# detector de secuencia



## cocu (Ene 30, 2007)

estoy teniendo problemas a la hora de obtener resultados en la simulacion de un circuito secuencial sincrono, que sea capaz de detectar la llegada de cuatro '0' consecutivos por una entrada de datos denominada E. haciendo los calculos creo que necesito 2 biestables y obtengo las siguientes ecuaciones
biestables j-k: 
J1= E\ *Q0;   K1=E+Q0;   J0=E\;   K0=1;  salida=E\*Q1*Q0;
NOTA:E\= entrada de datos negada

si lo realizo con biestables D:
D1=(Q1\*Q0*E\)+(Q1*Q0\*E\);   D0=QO\*E\;  S=E\*Q1*Q0;

pero a la salida no obtengo lo esperado. me guataria que me ayudaran a confirmar que las ecuaciones son las correctas. GRACIAS.


----------



## Welsys (Ene 31, 2007)

He hecho un diagramacon esa maquina de estados, y creo que para que funcionase bien, deberias calcular unos 5 estados, osea 3 biestables. que opinas?

espero tu respuesta


----------



## Welsys (Ene 31, 2007)

Otra cosa, por las soluciones que veo de las K y J, creo que has simplificado demasiado, considerando estados x como 1. Me equivoco? Hay veces en las que es aconsejable utilizar la solucion mas estable, y no la mas simplificada(inestable).

Espero que te sirva. Si voy muy desencaminado del enfoque que tu le quieres dar, para ayudarte mejor me puedes mandar un boceto.

Espero tu respuesta.


----------



## cocu (Ene 31, 2007)

tienes razon con lo que dices, en los calculos al hacer karnaugh para simplificar las ecuaciones, los valores que estan como X los trato como 1. segun he entendido de tu explicacion lo que me aconsejas es que no lo ponga asi y no simplifique puesto que esto puede hacer inestable el sistema.
voy a intentar solucionarlo asi a ver si consigo lo esperado.
en cuanto a la maquina de estados mis calculos dicen que con 4 estados(Q0,Q1,Q2,Q3), las especificaciones del ejemplo estan cubiertas, y no se como llegar a los 5 estados que tu me comentas.
de todas maneras como ya te dije lo que voy a hacer es no simplificar tanto y no coger las X como 1  a ver si asi consigo lo esperado
MUCHAS GRACIAS.


----------



## Welsys (Ene 31, 2007)

La maquina es de moore o de mealy?? esq la unica posibilidad para que sea solo con 4 estados esq sea de mealy. Y si se puede, me puedes decir como???

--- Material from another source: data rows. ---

(* There is $C_{\boldsymbol\tau,\boldsymbol\eta}>0$ such that for any $\phi\in W^\infty(\mathbb T^{2n})$ and any nonconstant zero-average $f,g\in W_0^\infty(\mathbb T^{2n})$ with $L_{\boldsymbol\eta}f-L_{\boldsymbol\tau}g=\phi$, there is a nonconstant $P\in W^\infty(\mathbb T^{2n})$ such that for all $s\ge0$: $\|g-L_{\boldsymbol\eta}P\|_s\le C_{\boldsymbol\tau,\boldsymbol\eta}\|\phi\|_{s+2\gamma}$, $\|f-L_{\boldsymbol\tau}P\|_s\le C_{\boldsymbol\tau,\boldsymbol\eta}\|\phi\|_{s+2\gamma}$, $\|P\|_s\le C_{\boldsymbol\tau,\boldsymbol\eta}(\|f\|_{s+2\gamma}+\|g\|_{s+2\gamma})$.
   Context: $\boldsymbol\tau=(\tau_1,\dots,\tau_n,0,\dots,0)$, $\boldsymbol\eta=(0,\dots,0,\eta_1,\dots,\eta_n)\in\mathbb R^{2n}$, $n\ge2$, with $\sum\tau_j\eta_j=0$, Diophantine: there are $c,\gamma>0$ with $|\boldsymbol\tau\cdot\mathbf m-p|>c|\mathbf m_1\cdot\mathbf m_1|^{-\gamma}$ if $\mathbf m_1\ne0$ and $|\boldsymbol\eta\cdot\mathbf m-p|>c|\mathbf m_2\cdot\mathbf m_2|^{-\gamma}$ if $\mathbf m_2\ne0$, for $\mathbf m=(\mathbf m_1,\mathbf m_2)\in\mathbb Z^n\times\mathbb Z^n$, $p\in\mathbb Z$. On $L^2(\mathbb T^{2n})$ write $f=\sum_{\mathbf m}f_{\mathbf m}e^{2\pi i\mathbf m\cdot(\mathbf x,\boldsymbol\xi)}$, $\|f\|_s^2=\sum_{\mathbf m}(1+4\pi^2\mathbf m\cdot\mathbf m)^s|f_{\mathbf m}|^2$, $W^\infty(\mathbb T^{2n})=\bigcap_sW^s$, $W^\infty_0$ its zero-average subspace. For $\boldsymbol\kappa\in\{\boldsymbol\tau,\boldsymbol\eta\}$, $L_{\boldsymbol\kappa}h(\mathbf x,\boldsymbol\xi)=h((\mathbf x,\boldsymbol\xi)+\boldsymbol\kappa)-h(\mathbf x,\boldsymbol\xi)$. *)

(* classical reals. Functions in L^2(T^{2n}) are modelled by
   their Fourier coefficients, indexed by m = (m1, m2) in Z^n x Z^n. *)
From Stdlib Require Import Reals Lra List ZArith ClassicalEpsilon.
Open Scope R_scope.

Definition Cx : Type := (R * R)%type.
Definition cnorm2 (z : Cx) : R := fst z * fst z + snd z * snd z.
Definition cmul (z w : Cx) : Cx :=
  (fst z * fst w - snd z * snd w, fst z * snd w + snd z * fst w).
Definition csub (z w : Cx) : Cx := (fst z - fst w, snd z - snd w).
Definition c0 : Cx := (0, 0).
Definition c1 : Cx := (1, 0).
Definition expi (theta : R) : Cx := (cos (2 * PI * theta), sin (2 * PI * theta)).

Definition Idx : Type := (list Z * list Z)%type.
Definition valid (n : nat) (m : Idx) : Prop :=
  length (fst m) = n /\ length (snd m) = n.
Definition zeroZ (n : nat) : list Z := repeat 0%Z n.
Definition zeroIdx (n : nat) : Idx := (zeroZ n, zeroZ n).

Definition dotRZ (t : list R) (m : list Z) : R :=
  fold_right Rplus 0 (map (fun p => fst p * IZR (snd p)) (combine t m)).
Definition dotRR (t u : list R) : R :=
  fold_right Rplus 0 (map (fun p => fst p * snd p) (combine t u)).
Definition dotZZ (m : list Z) : R :=
  fold_right Rplus 0 (map (fun z => IZR z * IZR z) m).
Definition dotK (k : list R * list R) (m : Idx) : R :=
  dotRZ (fst k) (fst m) + dotRZ (snd k) (snd m).
Definition mdot (m : Idx) : R := dotZZ (fst m) + dotZZ (snd m).

Definition tauvec (n : nat) (tau : list R) : list R * list R := (tau, repeat 0 n).
Definition etavec (n : nat) (eta : list R) : list R * list R := (repeat 0 n, eta).

(* Fourier coefficients of h(. + kappa) - h *)
Definition Lop (k : list R * list R) (h : Idx -> Cx) : Idx -> Cx :=
  fun m => cmul (csub (expi (dotK k m)) c1) (h m).

Definition weight (s : R) (m : Idx) : R := Rpower (1 + 4 * PI ^ 2 * mdot m) s.
Definition partial (s : R) (a : Idx -> Cx) (F : list Idx) : R :=
  fold_right Rplus 0 (map (fun m => weight s m * cnorm2 (a m)) F).
Definition ValidSet (n : nat) (F : list Idx) : Prop :=
  NoDup F /\ Forall (valid n) F.

Definition InW (n : nat) (s : R) (a : Idx -> Cx) : Prop :=
  exists B, forall F, ValidSet n F -> partial s a F <= B.
Definition InWinf (n : nat) (a : Idx -> Cx) : Prop := forall s, InW n s a.
Definition zero_avg (n : nat) (a : Idx -> Cx) : Prop := a (zeroIdx n) = c0.
Definition nonconstant (n : nat) (a : Idx -> Cx) : Prop :=
  exists m, valid n m /\ m <> zeroIdx n /\ a m <> c0.

Definition Rsup (E : R -> Prop) : R :=
  match excluded_middle_informative (bound E) with
  | left hb =>
      match excluded_middle_informative (exists x, E x) with
      | left he => proj1_sig (completeness E hb he)
      | right _ => 0
      end
  | right _ => 0
  end.

Definition snorm (n : nat) (s : R) (a : Idx -> Cx) : R :=
  sqrt (Rsup (fun r => exists F, ValidSet n F /\ r = partial s a F)).

Definition diophantine (n : nat) (tau eta : list R) (c gamma : R) : Prop :=
  (forall m : Idx, forall p : Z, valid n m -> fst m <> zeroZ n ->
     Rabs (dotK (tauvec n tau) m - IZR p) > c * Rpower (dotZZ (fst m)) (- gamma)) /\
  (forall m : Idx, forall p : Z, valid n m -> snd m <> zeroZ n ->
     Rabs (dotK (etavec n eta) m - IZR p) > c * Rpower (dotZZ (snd m)) (- gamma)).

From Pilot Require Import Defs.
From Stdlib Require Import Reals List ZArith.
Open Scope R_scope.
From Stdlib Require Import Lra Lia Psatz Classical ClassicalEpsilon.
(* [Reals] exports a [c1] of its own, shadowing [Defs.c1]. *)
Import Defs.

te adjunto en una immagen mi vision de tu maquina de estados. Tal y como yo la he entendido, cada 4 ceros la maquina responde con un 1 a la salida, si aparece un uno a la entrada, esta vuelve al principio, y si despues de haber recibido 4 ceros, le llega otro, este empieza a contar de nuevo.

Los estados son:

Q0:Estado en el que no ha recibido ningun 0.
Q1:Estado que recibe el primer 0.
Q2:Estado que recibe el segundo 0.
Q3:Estado que recibe el ptercer 0.
Q4:Estado que recibe el cuarto 0.


----------



## cocu (Ene 31, 2007)

Si, mi automata es tipo mealy, y la diferencia con el tuyo es que yo estando en el estado Q3 (estado en el que ya he recibido tres '0'), evoluciono al estado Q0, si es porque he recibido otro '0' que seria el cuarto la salida pasa a tener valor 1, y si es porque he recibido un '1' paso a Q0 tambien pero con la salida valiendo 0. De ahi que yo solo lo realize en cuatro estados(Q0,Q1,Q2,Q3), pero a la vista de los resultados supongo que lo intentare de la forma que tu me propones.
lo seguire intentando
muchas gracias.


----------



## Welsys (Ene 31, 2007)

Entiendo, si es de mealy si que es posible. si necesitas mas ayuda con este tema, estare encantado, ya que este tema me interesa bastante.Y si no necesitas nada mas, espero que me comuniques los resultados.

saludos


----------